K visits the Niander Wallace headquarters who has bought the Tyrell corporation and confirms that it is the remains of Rachael who had romantic relationship with Rick Deckard in the original Blade Runner over thirty years ago.

Wallace is desperate to give a replicant the ability to reproduce but does not have the knowledge so sends a replicant enforcer to steal the remains of Rachael and also find the child so he can expand his operation.

K returns to the farm where he discovered Rachael’s remains and notices an engraving on a tree that matches the engraving on a wooden horse from his memories making him believe they were real and not implants. Whilst investigating the records he discovers twins were born and were identical barring the sex chromosome.  He hunts down Dr Ana Stelline who is the memory designer who informs him that it is illegal to program real memories into a replicant making him believe he is Rachael’s son. Back at base he fails a baseline test leading his boss to warn him that he has 24 hours to get back in line.

K travels to Las Vegas, now a desolate radioactive wasteland and finds Deckard. Deckard admits to scrambling the birth records to protect Rachael and his child which meant that he had to leave them to ultimately keep them safe.

Luv (Wallace’s replicant) tracks K and Deckard and leaves K near death and kidnaps Deckard. K is saved by the replicant freedom movement and is told the Rachael’s child is a girl. K realises that Dr Stelline is the daughter and implanted her memories in him. The replicants urge K to stop Wallace and to kills Deckard to keep this secret hidden.

Deckard is brought to Wallace who offers him a replicant who is identical to Rachael so that he gives him information about his child. When Deckard refuses Luv is ordered to take him and torture the information out of him. Before reaching the facility K shoots down the ship with Luv and Deckard in. He manages to kill in the ensuing fight and saves Deckard. The film ends with Deckard meeting his daughter and K severely wounded lies down on the stairs staring into the sky and snow.

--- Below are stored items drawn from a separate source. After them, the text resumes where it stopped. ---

Lemma integral_return_cocycle_le :
  \int[mu]_x phi_abs phi (return_cocycle U A c x) <= \int[mu]_x phi_abs phi (c x).
Proof.
apply: le_trans (_ : \int[mu]_x \sum_(k <oo) return_term k x <= _).
  apply: ge0_le_integral => //.
  - by move=> x _; exact: phi_abs_ge0.
  - exact/measurable_phi_abs/(measurable_levels_return_cocycle hU mA mc).
  - apply: ge0_emeasurable_sum => [k x _ _|k _]; first exact: return_term_ge0.
    exact: measurable_return_term.
  - by move=> x _; exact: phi_abs_return_cocycle_le.
rewrite integral_nneseries //; last 2 first.
- exact: measurable_return_term.
- by move=> k x _; exact: return_term_ge0.
rewrite (eq_eseriesr (fun k _ => integral_return_term k)).
rewrite -ge0_integral_bigcup //; first last.
- exact: trivIset_tower.
- by move=> y _; exact: phi_abs_ge0.
- exact/measurable_funTS/measurable_phi_abs.
- exact: measurable_tower.
apply: ge0_subset_integral => //; first exact: bigcupT_measurable measurable_tower.
- exact: measurable_phi_abs.
- by move=> y _; exact: phi_abs_ge0.
Qed.

End integral_return_cocycle.

Theorem mainTheorem14 (d : measure_display) (X : measurableType d) (R : realType)
  (mu : probability X R)
  (hstd : standard_borel X R) (hatom : atomless mu)
  (T Tinv : X -> X) (hT : is_aut mu T Tinv) (haper : aperiodic mu T Tinv)
  (phi : R -> R) (hphi : metric_compatible phi)
  (U Uinv : X -> X) (hU : is_aut mu U Uinv)
  (c : X -> int) (hc : cocycle mu T Tinv U c) (hcfin : (phi_int mu phi c < +oo)%E)
  (A : set X) (hA : measurable A) :
  (exists cA : X -> int,
      cocycle mu T Tinv (first_return U A) cA /\ (phi_int mu phi cA < +oo)%E) /\
  (forall cA : X -> int, cocycle mu T Tinv (first_return U A) cA ->
      (phi_int mu phi cA <= phi_int mu phi c)%E).
Proof.
have [_ _ TK TiK _] := hT.
have [mc _] := hc.
have cocycleA := cocycle_first_return hU hA mc TK TiK hc.
have le_c : (phi_int mu phi (return_cocycle U A c) <= phi_int mu phi c)%E.
  exact: (integral_return_cocycle_le hU hA mc hphi).
split; first by exists (return_cocycle U A c); split; last exact: le_lt_trans le_c hcfin.
move=> cA hcA; rewrite (phi_int_ae_eq phi hcA.1 cocycleA.1) //.
exact: cocycle_ae_unique TK TiK haper hcA cocycleA.
Qed.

This film surpassed all my preconceptions going to the cinema. The character arc of K is portrayed fantastically by Ryan Gosling. You can see his character grow and how the realisation that he could be Rachael’s child shakes his beliefs to its core. One of my great fears with Sci-fi films is its reliance on CGI to cover the flaws in the plot and acting in the film. However, this film finds a fantastic balance. It reminds me of the classic sci-fi films where the focus was the characters and their journey rather than the special effects.

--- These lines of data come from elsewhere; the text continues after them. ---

Lemma extremal_switching_system T gamma u lam :
  extremal_pair T gamma u lam -> (exists a b, regular_arc T gamma lam a b) ->
  exists N L lam0, switching_system T (phi1 gamma lam) (phi2 gamma lam)
                     (fun t => fst (u t)) (fun t => snd (u t)) N L lam0.
Proof.
  intros Hext (a & b & (Ha & Hab & HbT & Hreg) & _).
  assert (HT : 0 <= T) by lra.
  pose proof Hext as ((Hgam1 & _) & Hlam1 & _).
  destruct (extremal_pair_ae T gamma u lam Hext) as (N & lam0 & HN & Hae).
  pose proof (extremal_lam2_constant T gamma u lam Hext) as HL.
  destruct (switching_functions_abs_cont T gamma lam _ Hlam1 Hgam1 HL) as [Hac1 Hac2].
  assert (Hl0 : 0 < lam0).
  { destruct (null_set_compl_dense N a b HN Ha Hab) as (t & Ht & HNt).
    destruct (Hreg t Ht) as [H1 H2]. destruct (Hae t ltac:(lra) HNt) as (_ & _ & _ & Hn & _).
    pose proof (Rabs_pos_lt _ H1). pose proof (Rabs_pos (phi2 gamma lam t)). lra. }
  exists N, (snd (lam 0)), lam0. split; auto; try lra.
  - intros t0 Ht0.
    set (h := fun t => Rabs (phi1 gamma lam (clamp T t)) + Rabs (phi2 gamma lam (clamp T t))).
    replace (Rabs (phi1 gamma lam t0) + Rabs (phi2 gamma lam t0)) with (h t0)
      by (unfold h; rewrite clamp_id; auto).
    apply (continuity_ae_const h N T); auto; try lra.
    + apply continuity_plus; apply (continuity_comp _ Rabs);
        auto using Rcontinuity_abs, abs_cont_on_clamp_continuity with real.
    + intros t Ht HNt. unfold h. rewrite clamp_id by auto. apply (Hae t Ht HNt).
  - intros t Ht HNt. destruct (Hae t Ht HNt) as (B1 & B2 & Hmax & _). auto.
  - intros t Ht HNt. destruct (Hae t ltac:(lra) HNt) as (_ & _ & _ & _ & D1 & D2 & D3).
    rewrite <- (HL t) by lra. apply (switching_functions_derivable gamma lam t _ _ D1 D2 D3).
  - intros t Ht HNt. destruct (Hae t ltac:(lra) HNt) as (_ & _ & _ & _ & D1 & D2 & D3).
    rewrite <- (HL t) by lra. apply (switching_functions_derivable gamma lam t _ _ D1 D2 D3).
Qed.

Despite my personal views on Alien Covenant I understand the frustration and disappointment of the fans. What Blade Runner 2049 shows is that it is time for Ridley Scott to focus on producing and let newer established directors the opportunity to show their talents. This film also did not come across as a self-indulgent experiment as with some of Ridley Scott’s recent films and actually has a story tell.

Harrison Ford although not used in the film that much is used in a way that actually enhances the story. Rather than re-telling the original story (like in the Force Awakens) this is a genuine new chapter to the previous film.

K’s relationship with his holographic girlfriend (Joi) played by the fantastic Ana de Armas is a real highlight in the film and raises important philosophical questions regarding the future of relationships based on the way technology is progressing. Rather than Joi just been a typical AI character developed just to please K, her character is allowed to develop and show real emotions from hiring a prostitute to sleep with K to give a real sexual experience to proclaiming her love for him before she is destroyed. What is truly telling about their relationship is when K encounters another hologram who shows that despite his love and her Joi’s apparent love for him it is in fact not real and could not fulfil his emotional needs.

Blade Runner 2049 is a fantastic visionary film that might not excel at the box office but unlike the current crop of Marvel films and numerous other blockbusters will still be relevant and utterly enjoyable decades later. Overall I would rate this film 4.5 out of 5 stars. Despite the films quality it’s running length is the real problem with it’s emotional and philosophical questions it is difficult to stay engaged throughout the whole film.